Bug#722906: New users can't verify downloads correctly
On Sat, Sep 14, 2013 at 10:36:55AM -0700, Don Armstrong wrote:
> To ensure that the checksums files themselves are correct, use GnuPG
> to verify them against the accompanying signature files (e.g.
> MD5SSUMS.sign). The keys used for these signatures are all in the
> Debian GPG keyring and the best way to check them is to use that
> keyring to validate via the web of trust. To make life easier for
> users, here are the fingerprints for the keys that have been used
> for releases in recent years (with some UIDs removed for clarity):
Yes, and new users don't have that keyring. They might think verifying
those fingerprints is safe.
> > It would be fair to expect a large proportion of users cannot or will
> > not be able to establish such a web of trust, especially if they're new
> > users.
> Anyone capable of pulling off a MITM attack against an http site will be
> capable of pulling off an attack against an https site too.
What is that claim based on? Breaking SSL/TLS is much more difficult
than MITM-ing a plain http website, unless the signing CA is involved.
And while I agree that MITM attacks don't happen really often for normal
Internet connections, it's quite hazardous to assume http is safe when
using Tor for example.
> Even if the site were to be served via https, which is unlikely, due
> to the fact that www.debian.org is mirrored, you still would have the
> same set of problems, and users who were concerned about the
> authenticity of the pages that they were viewing and the images that
> they were downloading would still have to verify the key IDs via the
> web of trust.
Hm, I didn't know it's mirrored. Perhaps ftp-master should host those?
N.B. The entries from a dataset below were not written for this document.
Section AlgorithmA.
Context {R : realType} {n : nat} {mu : {measure set ((n.+1).-tuple R) -> \bar R}}.
Context {Om : set ((n.+1).-tuple R)} {V : completeNormedModType R}.
Context {ip : V -> V -> R} {iota : V -> (n.+1).-tuple R -> R}.
Context {F : V -> R} {F' : V -> V -> R} {alpha beta p : R}.
Hypotheses (mOm : measurable Om) (finOm : (mu Om < +oo)%E).
Hypothesis ip_inner : is_inner_product ip.
Hypothesis iota_L2 : forall v, in_L2 mu Om (iota v).
Hypothesis iota_linear : forall a u v,
  {ae mu, forall x, Om x -> iota (a *: u + v) x = a * iota u x + iota v x}.
Hypothesis F'_linear : forall uk a u v, F' uk (a *: u + v) = a * F' uk u + F' uk v.
Hypotheses (beta_ge0 : 0 <= beta) (p_gt0 : 0 < p) (p_lt1 : p < 1).

Implicit Types (e L : R) (uk w h : V) (g d : (n.+1).-tuple R -> R).

Local Notation Q := (Q_obj mu Om iota F F' alpha beta p).
Local Notation Phi := (Phi_eps mu Om iota F alpha beta p).

Lemma Q_obj_center e uk L : Q e uk L uk = Phi e uk.
Proof.
have F'0 : F' uk 0 = 0.
  by have := F'_linear uk (-1) 0 0; rewrite scaler0 addr0 mulN1r addNr.
rewrite /Q_obj /Phi_eps /G_eps subrr F'0 normr0 expr0n mulr0 !addr0.
by congr (_ + _ * _); apply: eq_Rintegral => x _; rewrite subrr mulr0 addr0.
Qed.

Lemma Phi_eps_le_Q_obj e (e' : R) uk L w : 0 < e' -> e' <= e -> D_cond F F' uk L w ->
  Phi e' w <= Q e uk L w + L / 2 * `|w - uk| ^+ 2.
Proof.
move=> e'0 ee; rewrite /D_cond /Phi_eps /Q_obj /G_eps => Dw.
have := Rintegral_psi_le_tangent mOm finOm _ p_gt0 p_lt1 _ _ _ _ e'0 ee (iota_L2 uk) (iota_L2 w).
move=> /(ler_wpM2l beta_ge0); lra.
Qed.

Lemma iota_sub uk w :
  {ae mu, forall x, Om x -> iota (uk - w) x = iota uk x - iota w x}.
Proof.
have := iota_linear (-1) w uk; rewrite scaleN1r addrC.
by apply: filterS => x iotaE Ox; rewrite iotaE// mulN1r addrC.
Qed.

Lemma line_quadratic_Rintegral g d (D : R) w h :
  mu.-integrable Om (EFin \o g) -> measurable_fun Om d ->
  (forall x, Om x -> `|d x| <= D) ->
  line_quadratic (fun v => Rintegral mu Om
      (fun x => g x + d x * (iota v x ^+ 2 - iota w x ^+ 2)))
    w h (Rintegral mu Om (fun x => d x * iota h x ^+ 2)).
Proof.
move=> ig md dD.
have mg : measurable_fun Om g by apply/measurable_EFinP; exact: measurable_int ig.
have m_iota v := (iota_L2 v).1.
exists (Rintegral mu Om g), (2 * Rintegral mu Om (fun x => d x * (iota h x * iota w x))).
move=> t; rewrite (@Rintegral_ae_eq _ _ _ _ mOm _
  (fun x => g x + d x * ((t * iota h x + iota w x) ^+ 2 - iota w x ^+ 2))).
- by rewrite (Rintegral_sqr_affine mOm finOm _ _ _ _ _ _ ig md dD (iota_L2 w) (iota_L2 h)); ring.
- apply: measurable_funD => //; apply: measurable_funM => //.
  by apply: measurable_funB; exact: measurable_funX.
- apply: measurable_funD => //; apply: measurable_funM => //.
  apply: measurable_funB; apply: measurable_funX => //.
  by apply: measurable_funD => //; exact: measurable_funM.
- by apply: filterS (iota_linear t h w) => x iotaE Ox; rewrite iotaE.
Qed.

Lemma Q_obj_line_quadratic e uk L w : 0 < e ->
  line_quadratic (Q e uk L) w (uk - w)
    ((L / 2 + alpha / 2) * `|uk - w| ^+ 2 + beta * Rintegral mu Om
       (fun x => dpsi p e (iota uk x ^+ 2) * (iota w x - iota uk x) ^+ 2)).
Proof.
move=> e0; set d := fun x => dpsi p e (iota uk x ^+ 2).
have md : measurable_fun Om d by apply: measurable_dpsi_sqr; exact: (iota_L2 uk).1.
have dD x : Om x -> `|d x| <= dpsi p e 0.
  by move=> _; rewrite ger0_norm ?dpsi_ge0// dpsi_le_dpsi0// sqr_ge0.
have m_iota v := (iota_L2 v).1.
have -> : Rintegral mu Om (fun x => d x * (iota w x - iota uk x) ^+ 2) =
          Rintegral mu Om (fun x => d x * iota (uk - w) x ^+ 2).
  apply: Rintegral_ae_eq => //.
  - by apply: measurable_funM => //; apply/measurable_funX/measurable_funB.
  - exact/measurable_funM/measurable_funX.
  - by apply: filterS (iota_sub uk w) => x iotaE Ox; rewrite iotaE// -opprB sqrrN.
set tangent := fun x => psi p e (iota uk x ^+ 2) + d x * (iota w x ^+ 2 - iota uk x ^+ 2).
have -> : Q e uk L = fun v => F uk + F' uk (v - uk) + L / 2 * `|v - uk| ^+ 2
    + alpha / 2 * `|v| ^+ 2
    + beta * Rintegral mu Om (fun x => tangent x + d x * (iota v x ^+ 2 - iota w x ^+ 2)).
  apply: funext => v; rewrite /Q_obj; congr (_ + _ * _).
  by apply: eq_Rintegral => x _; rewrite /tangent /d; ring.
rewrite (_ : (L / 2 + alpha / 2) * _ + _ =
  0 + 0 + L / 2 * `|uk - w| ^+ 2 + alpha / 2 * `|uk - w| ^+ 2
  + beta * Rintegral mu Om (fun x => d x * iota (uk - w) x ^+ 2)); last by ring.
apply: line_quadraticD; first apply: line_quadraticD; first apply: line_quadraticD.
- apply: line_quadraticD; first exact: line_quadratic_cst.
  by apply: line_quadratic_shift; apply: line_quadratic_linear.
- apply: line_quadraticZ; apply: (line_quadratic_shift (fun v => `|v| ^+ 2)).
  exact: line_quadratic_sqr_norm _ _ _ ip_inner.
- apply: line_quadraticZ; exact: line_quadratic_sqr_norm _ _ _ ip_inner.
apply: line_quadraticZ; apply: line_quadratic_Rintegral dD => //.
exact: integrable_psi_tangent.
Qed.
End AlgorithmA.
Regardless, there has to be a website that's under Debian's control.
> 1: Unless you're proposing that people check the authenticity of the SSL
> certificates too against a known set of fingerprints, which brings you
> right back to the same bootstrapping problem.
I'm proposing checking the SSL certs just like any browser checks them:
verifying signatures against a set of trusted CAs.
Also can we avoid placing this issue on the "wishlist" severity level? I
don't mean to blow this out of proportion, but we're talking about a
security issue regarding installing new Debian systems, after all.